As rain flows more quickly from non-absorbent soil, such as rock, and slowly permeable earth, as the clays, than from porous soil, the surface discharge is greater; and unless the water is guided, pools are likely to be formed and weak places created, especially if the ground dips towards a cutting. It is well to remember that a cutting being excavated upon the side of a hill or upon table-land may change the direction of the flow of the drainage waters, and an embankment may obstruct and interfere with them, and should the strata incline towards the excavation, it obviously favours a discharge of water into it.
If water permeates the soil or trickles down through fissures or veins, it will continue to do so until an impervious layer is reached, when it will be deflected and may become a current; therefore, whenever a permeable stratum overlies an impermeable, and the impermeable earth inclines, an increased flow may be expected, as also near the junction of tributary waters with streams or rivers.
In a drained district, water will not usually be encountered in large quantities until a depth is reached below the level of general drainage, i.e., about the invert of the nearest drains or sewers, especially in porous soils, but in the case of a pervious subsoil, such as sand or gravel, or if the tides rise in an adjacent river or the sea to the level of any foundations or above it, more water may percolate over the site or drainage area than has time to flow away between tides, the water will then rise, and systematic pumping becomes a necessity, unless the volume of the ingressing waters can be sufficiently reduced by the deposition of an impervious layer upon or in the river-bed or sea-shore, or by sheet-piling or other means, or the flow confined, which may be a risky operation in loose soil, depending upon its resistance to scour.
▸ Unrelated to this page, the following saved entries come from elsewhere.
Lemma join_range_cylinder P n :
  join_range phi phiinv P n = is_cylinder P (1 - Z.of_nat n) (Z.of_nat n - 1).
Proof.
  apply pred_ext; intros W; split.
  - intros [U [HU ->]].
    exists (fun i z => U i (iterZ phi phiinv (- i) z)); split.
    + intros i Hi.
      destruct (proj1 (img_coll_iterZ_opp P i (U i)) (HU i Hi)) as [B [HB HUi]].
      enough (E : (fun z => U i (iterZ phi phiinv (- i) z)) = B) by now rewrite E.
      rewrite HUi; apply pred_ext; intros z; now rewrite iterZ_Kopp.
    + apply pred_ext; intros x; unfold cylinder; split; intros Hx i Hi; specialize (Hx i Hi);
        now rewrite iterZ_oppK in *.
  - intros [A [HA ->]]; exists (fun i y => A i (iterZ phi phiinv i y)); split; [| reflexivity].
    intros i Hi; apply img_coll_iterZ_opp; eauto.
Qed.

Lemma cylinder_ext A B lo hi :
  (forall i, (lo <= i <= hi)%Z -> A i = B i) -> cylinder A lo hi = cylinder B lo hi.
Proof.
  intros E; apply pred_ext; intros x; split; intros Hx i Hi; [rewrite <- E | rewrite E]; auto.
Qed.

Lemma cylinder_phi A lo hi y :
  cylinder A lo hi (phi y) <-> cylinder (fun i => A (i - 1)%Z) (lo + 1) (hi + 1) y.
Proof.
  assert (shift : forall i, iterZ phi phiinv i (phi y) = iterZ phi phiinv (i + 1) y)
    by (intros i; exact (iterZ_add i 1 y)).
  split; intros H i Hi.
  - specialize (H (i - 1)%Z ltac:(lia)); rewrite shift, Z.sub_add in H; exact H.
  - rewrite shift; specialize (H (i + 1)%Z ltac:(lia)); cbv beta in H.
    now rewrite Z.add_simpl_r in H.
Qed.

Lemma cylinder_phiinv A lo hi y :
  cylinder A lo hi (phiinv y) <-> cylinder (fun i => A (i + 1)%Z) (lo - 1) (hi - 1) y.
Proof.
  assert (shift : forall i, iterZ phi phiinv i (phiinv y) = iterZ phi phiinv (i - 1) y)
    by (intros i; exact (iterZ_add i (-1) y)).
  split; intros H i Hi.
  - specialize (H (i + 1)%Z ltac:(lia)); rewrite shift, Z.add_simpl_r in H; exact H.
  - rewrite shift; specialize (H (i - 1)%Z ltac:(lia)); cbv beta in H.
    now rewrite Z.sub_add in H.
Qed.

Lemma cylinder_three_windows A lo hi x : (lo <= hi)%Z ->
  (cylinder A (lo - 1) (hi - 1) x /\ cylinder A lo hi x /\ cylinder A (lo + 1) (hi + 1) x)
  <-> cylinder A (lo - 1) (hi + 1) x.
Proof.
  intros Hle; split.
  - intros [H1 [H2 H3]] i Hi.
    destruct (Z_le_gt_dec i (hi - 1)); [apply H1; lia |].
    destruct (Z_le_gt_dec i hi); [apply H2 | apply H3]; lia.
  - intros H; repeat split; intros i Hi; apply H; lia.
Qed.

End Iterates.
In clay soils, so far as slips are concerned, the action especially to be feared is the trickling of water down fissures which may extend to depths below the bottom in cuttings and create slimy surfaces, disconnecting masses of earth, and finally offering a ready means of movement, which swelling of the clay or vibration may complete. The experiments of Mr. Baldwin Latham, M. Inst. C.E., on the absorption and retention of water by clay soils, gave the following results:—The stiffest clays retained the greatest quantity of water. Clay soils can absorb and retain from 40 to 60 per cent. of water by weight. Marly clays hold less water than the pure clays. In the case of loamy soils, the percentage of water retained varied from 35 to 60 per cent. by weight, the mixture of sand and clay, therefore, limited the amount of water which it would naturally hold.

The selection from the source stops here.